Timewatching: The Divine Comedy Album-by-album thread

Discussion in 'Music Corner' started by LivingForever, Nov 5, 2020.

  1. LivingForever

    LivingForever Forum Arachibutyrophobic Thread Starter

    Feather in Your Cap scored 45.3 points from 13 votes so far; for a preliminary score of 3.45

    (I’ll take it, I’m just happy it isn’t winning the album :D)
     
  2. LivingForever

    LivingForever Forum Arachibutyrophobic Thread Starter

    Today’s song is:

    I’m a Stranger Here

    Starting the darker side of the album as we head into the more downbeat second half.

    Here’s what Neil said in 2019:

    “I'm a Stranger Here”
    “I think this is actually the most pertinent song on the record, simply because it's about being adrift on the modern world.

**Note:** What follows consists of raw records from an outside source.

Let L := x^T *m M *m S *m Q1 *m S *m x + w^T *m M *m S *m x + x^T *m M *m S *m w.
Let E h := x^T *m M *m (Sh h *m Q2 + (Sh h *m Qh h *m S) *m Q1) *m S *m x
  + w^T *m M *m (Sh h *m Qh h *m S) *m x + x^T *m M *m (Sh h *m Qh h *m S) *m w
  + w^T *m M *m Sh h *m w.

Let remainder_bounded : exists K, forall h, `|h| < d0 -> mxnorm (E h) <= K.
Proof.
eexists => h h_lt; have [_ Sh_le] := resolvent_near h_lt.
have Qh_le := mxnorm_Qh_le (d0_small h_lt).2.
rewrite /E; repeat first
  [exact: Sh_le | exact: Qh_le | apply: le_mxnormD | apply: le_mxnormM | exact: lexx].
Qed.

Lemma quadform_resolvent_deriv (e : C) : 0 < e -> exists2 d : C, 0 < d &
  forall h, h != 0 -> `|h| < d ->
    `|(((x + h *: w)^T *m M *m invmx (R h) *m (x + h *: w)) 0 0
        - (x^T *m M *m S *m x) 0 0) / h - L 0 0| < e.
Proof.
move=> e_gt0; have [K E_le] := remainder_bounded.
have K_ge0 : 0 <= K by apply: le_trans (mxnorm_ge0 _) (E_le 0 _); rewrite normr0 d0_gt0.
have K1_gt0 : 0 < K + 1 by rewrite ltr_pwDr.
have [d d_gt0 [d_le0 d_le1]] := exists_pos_le2 d0_gt0 (divr_gt0 e_gt0 K1_gt0).
exists d => // h h_neq0 h_lt.
have h_lt0 := lt_le_trans h_lt d_le0.
have [Rh_unit _] := resolvent_near h_lt0.
have entryDZ (A B D : 'M[C]_1) (a b : C) :
    (A + a *: B + b *: D) 0 0 = A 0 0 + a * B 0 0 + b * D 0 0.
  by rewrite !mxE.
rewrite (quadform_resolvent_expansion M x w (resolvent_identity Rh_unit)) entryDZ.
have -> : forall a l r : C, (a + h * l + h * h * r - a) / h - l = h * r.
  by move=> a l r; field.
rewrite normrM; apply: le_lt_trans (_ : `|h| * (K + 1) < e); last first.
  by rewrite -ltr_pdivlMr //; apply: lt_le_trans d_le1.
rewrite ler_wpM2l //; apply: le_trans (ler_entry_mxnorm _ 0 0) _.
by apply: le_trans (E_le _ h_lt0) _; rewrite lerDl.
Qed.

End QuadraticResolvent.

Section Gradient.
Variables (C : numClosedFieldType) (n : nat).

Lemma is_partial_unique (F : 'cV[C]_(n + n) -> C) x i l1 l2 :
  is_partial F x i l1 -> is_partial F x i l2 -> l1 = l2.
Proof.
move=> F_l1 F_l2; apply/eqP; apply: contraT => l12.
have e_gt0 : 0 < `|l1 - l2| / 2 by rewrite divr_gt0 // normr_gt0 subr_eq0.
have [d1 d1_gt0 near1] := F_l1 _ e_gt0; have [d2 d2_gt0 near2] := F_l2 _ e_gt0.
have [d d_gt0 [d_le1 d_le2]] := exists_pos_le2 d1_gt0 d2_gt0.
have h_gt0 : 0 < d / 2 by rewrite divr_gt0.
have h_lt : `|d / 2| < d by rewrite gtr0_norm // ltr_pdivrMr // mulr_natr mulr2n ltrDr.
have h_real : d / 2 \is Num.real by exact: gtr0_real.
have h_neq0 : d / 2 != 0 by rewrite gt_eqF.
set q := (F (x + d / 2 *: delta_mx i 0) - F x) / (d / 2) in near1 near2.
have tri : `|l1 - l2| <= `|q - l1| + `|q - l2|.
  by rewrite -(normrN (q - l1)) (le_trans _ (ler_normD _ _)) // opprB addrA subrK.
have := le_lt_trans tri (ltrD (near1 _ h_real h_neq0 (lt_le_trans h_lt d_le1))
                              (near2 _ h_real h_neq0 (lt_le_trans h_lt d_le2))).
by rewrite -splitr ltxx.
Qed.

Lemma is_gradient_unique (F : 'cV[C]_(n + n) -> C) x g1 g2 :
  is_gradient F x g1 -> is_gradient F x g2 -> g1 = g2.
Proof.
move=> F_g1 F_g2; apply/matrixP => i j; rewrite (ord1 j).
exact: is_partial_unique (F_g1 i) (F_g2 i).
Qed.

Lemma Htilde_is_gradient (M : 'M[C]_(n + n)) (eps : C) (x : 'cV[C]_(n + n)) :
  resolvent_ok M eps x -> is_gradient (Htilde M eps) x (Htilde_grad M eps x).
Proof.
move=> R_unit i; rewrite mxE => e e_gt0.
have [d d_gt0 near] := quadform_resolvent_deriv M x (delta_mx i 0)
  (R := fun h => Rmat M eps (x + h *: delta_mx i 0)) (Rmat_shift M eps x _) R_unit e_gt0.
by exists d => // h _; apply: near.
Qed.

End Gradient.

Theorem mainTheorem5 (C : numClosedFieldType) (n : nat) (hn : (2 <= n)%N)
    (H : 'M[C]_(n + n)) (alpha : nat -> C) (eps : C) (x : 'cV[C]_(n + n)) :
  (forall i j, H i j \is Num.real) ->
  H^T = H ->
  Amat C n *m H = H *m (Amat C n)^T ->
  Bmat n alpha *m Bmat n alpha = 1%:M ->
  eps \is Num.real ->
  (forall i, x i 0 \is Num.real) ->
  resolvent_ok H eps x ->
  resolvent_ok (Bmat n alpha *m H) eps x ->
  let Ht := Htilde H eps in
  let Kt := Htilde (Bmat n alpha *m H) eps in
  (exists gH gK, is_gradient Ht x gH /\ is_gradient Kt x gK) /\
  (forall gH gK, is_gradient Ht x gH -> is_gradient Kt x gK ->
     bracket gH (Jmat x) gK = 0 /\ bracket gH (Pimat H eps x) gK = 0).
Proof.
move=> _ H_sym AH B_invol _ _ R_unit RB_unit Ht Kt.
have gradH := Htilde_is_gradient R_unit.
have gradK := Htilde_is_gradient RB_unit.
split; first by do 2 eexists; split; [exact: gradH | exact: gradK].
move=> gH gK /(is_gradient_unique gradH) <- /(is_gradient_unique gradK) <-.
rewrite Htilde_grad_BmatH //.
split; apply: bracket_intertwine_eq0.
- exact: trmx_Jmat.
- exact: BmatT_Jmat.
- exact: trmx_Pimat.
- exact: BmatT_Pimat.
Qed.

It's not so much ‘Oh my God, I have to do banking online,’ it's more 'Where has everybody gone?' It's like everybody's having conversations that I'm not party to. Maybe I'm just a natural hermit, I don't know. I'm very proud of having a bassoon solo here, too, by the way.”

     
  3. drykid

    drykid Forum Resident

    Location:
    Hereford, UK
    Wow, I caught up! Unless a new song appears in the time it takes to write this post anyway.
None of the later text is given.